ASTM D6375 Test Method for Evaporation Loss of Lubricating Oils
ASTM D6375 Standard Test Method for Evaporation Loss of Lubricating Oils by Thermogravimetric Analyzer (TGA) Noack Method
6. Apparatus
6.1 Thermogravimetric Analyzer, with the capability to meet all the conditions required for this test method, along with the software necessary to complete the required analyses.
6.2 Aluminum Specimen Pan - This shall be cylindrical, and have a minimum inside diameter/height ratio of 0.45 and a volume of 50 +/- 3 µL. If the pans provided by the particular TGA manufacturer do not meet these criteria, alternative pans may be used and adapted to fit the pan holder of the TGA. Examples of some of the adaptations used during the evaluation of this test method are shown in Fig. 1.
6.3 Pressure Regulator, capable of maintaining air delivery pressure at the level required by the TGA instrument.
6.4 Flowmeter, with a flow control valve capable of setting and measuring the air throughput required by the TGA instrument.
7. Reagents and Materials
7.1 TGA Temperature Calibration Standards - These materials will depend on the particular TGA apparatus and its capabilities. The TGA manufacturer typically provides them and describes their use in the operating manual for the instrument.
7.2 Compressed air at a pressure suitable for operation of the TGA instrument. Reagent grade air is not necessary but may be used if there are concerns over possible contamination of the internal parts of the TGA.
7.3 Noack Reference Oil - Oil having a known Noack evaporative loss, the value of which is provided by the manufacturer.
8. TGA Preparation and Calibration (see Note 1)
NOTE 1 - This section only needs to be done if TGA has been idle for an extended period of time, has had significant repairs made to it, or has been mishandled or its location changed.
8.1 Check the temperature correlation between the specimen and control temperatures in accordance with TGA manufacturer's recommendations or Practice E 1582. Use calibration standards that will bracket 250°C. When necessary, recalibrate, and regenerate correlation.

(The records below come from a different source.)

Definition setting (e : 'I_n.+1 -> vec) (X : {fset vec}) : Prop :=
  [/\ affinely_independent e,
      \sum_(i < n.+1) e i = 0,
      (forall i, e i \in X),
      0 \notin X
    & (forall x y t, x \in X -> y \in X -> 0 < t -> x = t *: y -> x = y)] /\
  (forall A : {fset vec}, A `<=` X -> #|` A| = n.+1 -> good_position A).

End Defs.

From HB Require Import structures.
From mathcomp Require Import all_boot all_order all_algebra.
From mathcomp Require Import finmap.
From mathcomp Require Import reals.
From mathcomp Require Import ring lra zify.
Import Order.TTheory GRing.Theory Num.Theory.
Set Implicit Arguments. Unset Strict Implicit. Unset Printing Implicit Defensive.
Local Open Scope ring_scope.

(* Proposition 6.10.  Every point is written x = \sum_i c_i e_i; since the
   e_i are affinely independent and sum to 0, these coordinates are unique up
   to an additive constant, and the support S_x is the set of indices where the
   coordinates normalized to vanish off the support are positive.
   The only geometric input is good position: n+1 points of X whose linear
   relations are all multiples of one vector with two positive and two negative
   entries would be in conical position.  We apply this to pair families, the
   vertices with e_u and e_v replaced by points x and y of X, whose relation is
   computed from the coordinates of x and y (pair_relation).  Writing
   S_p = {a, b} and S_q = E \ {b}, such sign arguments show that S_r cannot
   properly contain {a, b}, and that if S_r meets {a, b} in a single point then
   S_r contains all indices but the other point.  The theorem follows by a case
   analysis on whether a and b belong to S_r. *)

Lemma sum_delta (R : pzRingType) (T : finType) (V : lmodType R) (F : T -> V) k :
  \sum_j ((j == k)%:R : R) *: F j = F k.
Proof.
rewrite (bigD1 k) //= eqxx scale1r big1 ?addr0 // => j /negbTE ->.
by rewrite scale0r.
Qed.

Lemma exists_other (T : finType) (S : {set T}) z :
  (2 <= #|S|)%N -> exists2 t, t \in S & t != z.
Proof.
move=> cardS; case/boolP: (S \subset [set z]) => [/subset_leq_card | /subsetPn [t tS]].
  by rewrite cards1 => /(leq_trans cardS).
by rewrite inE; exists t.
Qed.

Lemma subset_setC1 (T : finType) (A : {set T}) x : x \notin A -> A \subset [set~ x].
Proof. by move=> xA; apply/subsetP => y yA; rewrite in_setC1; apply: contraNneq xA => <-. Qed.

Lemma pair_meets_hyperface n (Sp Sq : {set 'I_n.+1}) :
  #|Sp :&: Sq| = 1%N -> #|Sp| = 2%N -> #|Sq| = n ->
  exists a b, [/\ a != b, Sp = [set a; b] & Sq = [set~ b]].
Proof.
move=> cPQ cP cQ.
have [b Cb] : exists b, ~: Sq = [set b].
  by apply/cards1P; have := cardsC Sq; rewrite cQ card_ord; lia.
have SqE : Sq = [set~ b] by rewrite -Cb setCK.
have bP : b \in Sp.
  apply: contraT => bP; move: cPQ; rewrite (setIidPl _) ?cP //.
  by apply/subsetP => i iP; rewrite SqE in_setC1; apply: contraNneq bP => <-.
have [a Ea] : exists a, Sp :\ b = [set a].
  by apply/cards1P; have := cardsD1 b Sp; rewrite bP cP; lia.
exists a, b; split => //; last by rewrite -(setD1K bP) Ea setUC.
have : a \in Sp :\ b by rewrite Ea set11.
by rewrite in_setD1 => /andP [].
Qed.

Section Coordinates.
Variables (R : realType) (n : nat) (e : 'I_n.+1 -> 'rV[R]_n).
Hypotheses (e_indep : affinely_independent e) (e_sum0 : \sum_(i < n.+1) e i = 0).

Lemma coords_const (d : 'I_n.+1 -> R) :
  \sum_i d i *: e i = 0 -> forall i j, d i = d j.
Proof.
move=> d0.
pose m := (\sum_i d i) / n.+1%:R.
have sum_shift : \sum_i (d i - m) = 0.
  by rewrite sumrB sumr_const card_ord -mulr_natr divfK ?subrr ?pnatr_eq0.
have comb_shift : \sum_i (d i - m) *: e i = 0.
  under eq_bigr do rewrite scalerBl.
  by rewrite sumrB d0 -scaler_sumr e_sum0 scaler0 subrr.
have shift0 : forall i, d i - m = 0 := e_indep sum_shift comb_shift.
by move=> i j; rewrite -[d i](subrK m) -[d j](subrK m) !shift0.
Qed.

Definition support_coords (x : 'rV[R]_n) (S : {set 'I_n.+1}) (c : 'I_n.+1 -> R) :=
  [/\ forall i, i \in S -> 0 < c i, forall i, i \notin S -> c i = 0
    & x = \sum_i c i *: e i].

(* By minimality, the coefficients of x on its support are all positive. *)
Lemma support_coordsP x S : is_support e x S -> exists c, support_coords x S c.
Proof.
case=> [[c [c_ge0 xE]] S_min]; exists (fun i => if i \in S then c i else 0); split.
- move=> i iS; rewrite iS lt_def c_ge0 andbT; apply/eqP => ci0.
  apply: (S_min (S :\ i)); first by rewrite properD1.
  exists c; split => //; rewrite -xE [RHS](bigD1 i) //= ci0 scale0r add0r.
  by apply: eq_bigl => j; rewrite in_setD1 andbC.
- by move=> i /negbTE ->.
- rewrite -xE big_mkcond /=; apply: eq_bigr => i _.
  by case: (i \in S) => //; rewrite scale0r.
Qed.

(* Subtracting the least coefficient shows that no point is supported on all
   of E, since the vertices sum to 0. *)
Lemma support_proper x S : is_support e x S -> S != setT.
Proof.
case=> [[c [c_ge0 xE]] S_min]; apply/negP => /eqP ST.
have [i0 _ c_min] := @arg_minP _ R _ ord0 xpredT c isT.
apply: (S_min (setT :\ i0)); first by rewrite ST properD1 ?in_setT.
exists (fun i => c i - c i0); split; first by move=> i; rewrite subr_ge0 c_min.
transitivity (\sum_i (c i - c i0) *: e i).
  rewrite [RHS](bigD1 i0) //= subrr scale0r add0r.
  by apply: eq_bigl => i; rewrite in_setD1 in_setT andbT.
under eq_bigr do rewrite scalerBl.
rewrite sumrB -scaler_sumr e_sum0 scaler0 subr0 -xE ST.
by apply: eq_bigl => i; rewrite in_setT.
Qed.

Definition pair_family (x y : 'rV[R]_n) (u v j : 'I_n.+1) : 'rV[R]_n :=
  if j == u then x else if j == v then y else e j.

Lemma pair_family_combination x y cx cy u v (mu : 'I_n.+1 -> R) :
  x = \sum_i cx i *: e i -> y = \sum_i cy i *: e i -> u != v ->
  \sum_j mu j *: pair_family x y u v j =
  \sum_i (mu u * cx i + mu v * cy i + (if (i != u) && (i != v) then mu i else 0)) *: e i.
Proof.
move=> -> -> uv; rewrite /pair_family (bigD1 u) // (bigD1 v) /=; last by rewrite eq_sym.
rewrite eqxx (negbTE (_ : v != u)) 1?eq_sym // eqxx.
under [in RHS]eq_bigr do rewrite !scalerDl -!scalerA.
rewrite !big_split /= -!scaler_sumr addrA; congr (_ + _).
rewrite big_mkcond /=; apply: eq_bigr => i _.
by case: ifP => [/andP[/negbTE -> /negbTE ->] | ] //; rewrite scale0r.
Qed.

(* The (up to scaling unique) linear relation of the pair family, written with
   the coordinate differences X = cx - cx v and Y = cy - cy v. *)
Definition pair_relation (cx cy : 'I_n.+1 -> R) (u v j : 'I_n.+1) : R :=
  if j == u then cy u - cy v
  else if j == v then cx v - cx u
  else (cx u - cx v) * (cy j - cy v) - (cy u - cy v) * (cx j - cx v).

Lemma pair_relation_u cx cy u v : pair_relation cx cy u v u = cy u - cy v.
Proof. by rewrite /pair_relation eqxx. Qed.

Lemma pair_relation_v cx cy u v : u != v -> pair_relation cx cy u v v = cx v - cx u.
Proof. by rewrite /pair_relation eq_sym => /negbTE ->; rewrite eqxx. Qed.

Lemma pair_relation_other cx cy u v j : j != u -> j != v ->
  pair_relation cx cy u v j =
  (cx u - cx v) * (cy j - cy v) - (cy u - cy v) * (cx j - cx v).
Proof. by rewrite /pair_relation => /negbTE -> /negbTE ->. Qed.

Lemma pair_relations x y cx cy u v (mu : 'I_n.+1 -> R) :
  x = \sum_i cx i *: e i -> y = \sum_i cy i *: e i -> u != v -> cx u != cx v ->
  \sum_j mu j *: pair_family x y u v j = 0 ->
  exists t, forall j, mu j = t * pair_relation cx cy u v j.
Proof.
move=> xE yE uv cuv; rewrite (pair_family_combination mu xE yE uv) => rel.
have /(_ _ v) coordsE := coords_const rel; rewrite /= eqxx andbF addr0 in coordsE.
have := coordsE u; rewrite eqxx /= addr0 => coords_u.
have coords_j j : j != u -> j != v -> mu j = - mu v * (cy j - cy v) - mu u * (cx j - cx v).
  by move=> ju jv; have := coordsE j; rewrite ju jv /=; lra.
have Xu0 : cx u - cx v != 0 by rewrite subr_eq0.
pose t := - mu v / (cx u - cx v).
have tX : t * (cx u - cx v) = - mu v by rewrite divfK.
have tY : t * (cy u - cy v) = mu u.
  apply: (mulIf Xu0); rewrite mulrAC tX; lra.
exists t => j; rewrite /pair_relation; case: eqVneq => [-> //|ju].
case: eqVneq => [->|jv]; first by rewrite -opprB mulrN tX opprK.
by rewrite coords_j // [RHS]mulrBr 2!mulrA tX tY; ring.
Qed.

End Coordinates.

Definition two_signs (R : numDomainType) (m : nat) (lam : 'I_m -> R) : Prop :=
  (exists i k, [/\ i != k, 0 < lam i & 0 < lam k]) /\
  (exists i k, [/\ i != k, lam i < 0 & lam k < 0]).

Section UniqueRelation.
Variables (R : realType) (n m : nat) (f : 'I_m -> 'rV[R]_n) (lam : 'I_m -> R).
Hypothesis f_relations : forall mu : 'I_m -> R,
  \sum_j mu j *: f j = 0 -> exists t, forall j, mu j = t * lam j.
Hypothesis lam_signs : two_signs lam.

(* Any nonzero multiple of lam has two negative entries, so a relation of f
   that is nonnegative except at a single index vanishes. *)
Lemma relation_one_negative (mu : 'I_m -> R) l :
  \sum_j mu j *: f j = 0 -> (forall j, j != l -> 0 <= mu j) -> forall j, mu j = 0.
Proof.
move=> /f_relations [t mu_t] mu_pos j; case: (eqVneq (mu j) 0) => // mu_j.
have t0 : t != 0 by apply: contraNneq mu_j => t0; rewrite mu_t t0 mul0r.
have [i [k [ik mu_i mu_k]]] : exists i k, [/\ i != k, mu i < 0 & mu k < 0].
  case: lam_signs => [[i [k [ik li lk]]] [i' [k' [ik' li' lk']]]].
  case: (ltgtP t 0) => [tn | tp | /eqP]; last by rewrite (negbTE t0).
  - by exists i, k; rewrite !mu_t !nmulr_rlt0.
  - by exists i', k'; rewrite !mu_t !pmulr_rlt0.
case: (eqVneq i l) => [il | il]; last by have := mu_pos i il; rewrite leNgt mu_i.
have kl : k != l by rewrite -il eq_sym.
by have := mu_pos k kl; rewrite leNgt mu_k.
Qed.

(* The relation (delta_j1 - delta_j2) shows that f is injective. *)
Lemma relation_injective : injective f.
Proof.
move=> j1 j2 f12; apply: contraTeq isT => j12.
pose mu j : R := (j == j1)%:R - (j == j2)%:R.
have rel : \sum_j mu j *: f j = 0.
  by under eq_bigr do rewrite scalerBl; rewrite sumrB !sum_delta f12 subrr.
have mu_pos j : j != j2 -> 0 <= mu j by rewrite /mu => /negbTE ->; rewrite subr0 ler0n.
have := relation_one_negative rel mu_pos j1.
by rewrite /mu eqxx (negbTE j12) subr0 => /eqP; rewrite oner_eq0.
Qed.

Let image := [fset f j | j : 'I_m]%fset.

Let in_image j : f j \in image. Proof. exact: in_imfset. Qed.

Let sum_image (V : zmodType) (G : 'rV[R]_n -> V) :
  \sum_(a <- image) G a = \sum_j G (f j).
Proof.
rewrite big_imfset /=; last by move=> ? ? _ _; apply: relation_injective.
by rewrite big_enum.
Qed.

Let sum_image_but (V : zmodType) (G : 'rV[R]_n -> V) k :
  \sum_(a <- (image `\ f k)%fset) G a = \sum_(j | j != k) G (f j).
Proof.
apply: (@addrI _ (G (f k))); rewrite -big_fsetD1 ?in_image //.
by rewrite sum_image (bigD1 k).
Qed.

(* Neither 0 in the convex hull nor a point in the positive hull of the
   others gives a relation of the forbidden shape. *)
Lemma image_conical : conical_position image.
Proof.
split.
  case=> c [c_pos [c_sum1 c_sum0]].
  have [[l _] _] := lam_signs.
  have rel : \sum_j c (f j) *: f j = 0 by rewrite -(sum_image (fun a => c a *: a)).
  have c0 := relation_one_negative rel (fun j _ => c_pos _ (in_image j)).
  move: c_sum1; rewrite sum_image big1 => [/eqP | j _]; last exact: c0.
  by rewrite eq_sym oner_eq0.
move=> _ /imfsetP [k _ ->] [c [c_pos c_sum]].
pose mu j := if j == k then -1 else c (f j).
have rel : \sum_j mu j *: f j = 0.
  rewrite (bigD1 k) //= /mu eqxx scaleN1r -[X in - X + _]c_sum sum_image_but.
  by rewrite addrC; apply/eqP; rewrite subr_eq0; apply/eqP/eq_bigr => j /negbTE ->.
have mu_pos j : j != k -> 0 <= mu j.
  move=> jk; rewrite /mu (negbTE jk); apply: c_pos.
  by rewrite in_fsetD1 (inj_eq relation_injective) jk in_image.
have := relation_one_negative rel mu_pos k.
by rewrite /mu eqxx => /eqP; rewrite oppr_eq0 oner_eq0.
Qed.

End UniqueRelation.

Section Setting.
Variables (R : realType) (n : nat) (e : 'I_n.+1 -> 'rV[R]_n) (X : {fset 'rV[R]_n}).
Hypothesis setting_eX : setting e X.

Let e_indep : affinely_independent e. Proof. by case: setting_eX => [[]]. Qed.
Let e_sum0 : \sum_(i < n.+1) e i = 0. Proof. by case: setting_eX => [[]]. Qed.
Let e_in_X i : e i \in X. Proof. by case: setting_eX => [[_ _ eX _ _] _]. Qed.

(* n+1 points of X cannot have, up to scaling, a unique linear relation with
   two entries of each sign: they would be in conical position. *)
Lemma unique_relation_not_two_signs (f : 'I_n.+1 -> 'rV[R]_n) (lam : 'I_n.+1 -> R) :
  (forall j, f j \in X) ->
  (forall mu, \sum_j mu j *: f j = 0 -> exists t, forall j, mu j = t * lam j) ->
  ~ two_signs lam.
Proof.
move=> fX f_rel signs; case: setting_eX => _ good.
apply: (good [fset f j | j : 'I_n.+1]%fset).
- by apply/fsubsetP => _ /imfsetP [j _ ->].
- by rewrite card_imfset ?size_enum_ord //; exact: relation_injective f_rel signs.
- exact: image_conical f_rel signs.
Qed.

Lemma pair_not_two_signs x y cx cy u v :
  x \in X -> y \in X -> x = \sum_i cx i *: e i -> y = \sum_i cy i *: e i ->
  u != v -> cx u != cx v -> ~ two_signs (pair_relation cx cy u v).
Proof.
move=> xX yX xE yE uv cuv.
apply: (unique_relation_not_two_signs (f := pair_family e x y u v)).
  by move=> j; rewrite /pair_family; case: ifP => // _; case: ifP.
by move=> mu; apply: pair_relations.
Qed.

8.2 When necessary, burn out the TGA to remove any condensed liquids or deposits, which may have formed on its inside surfaces. Generally, burn out is accomplished by raising the temperature of the TGA to a minimum of 800°C with an air purge from 200 to 500 mL/min, and by maintaining it at this high temperature until no smoke is detected from the TGA gas exhaust tube. Normally 15 to 20 min at these conditions are enough to remove most deposits. (Caution: Do not place a specimen pan in the TGA during this operation. It will melt and may damage the balance or furnace mechanisms.)
8.3 Check operation of TGA balance and adjust when necessary. Follow manufacturer's procedure and recommendations.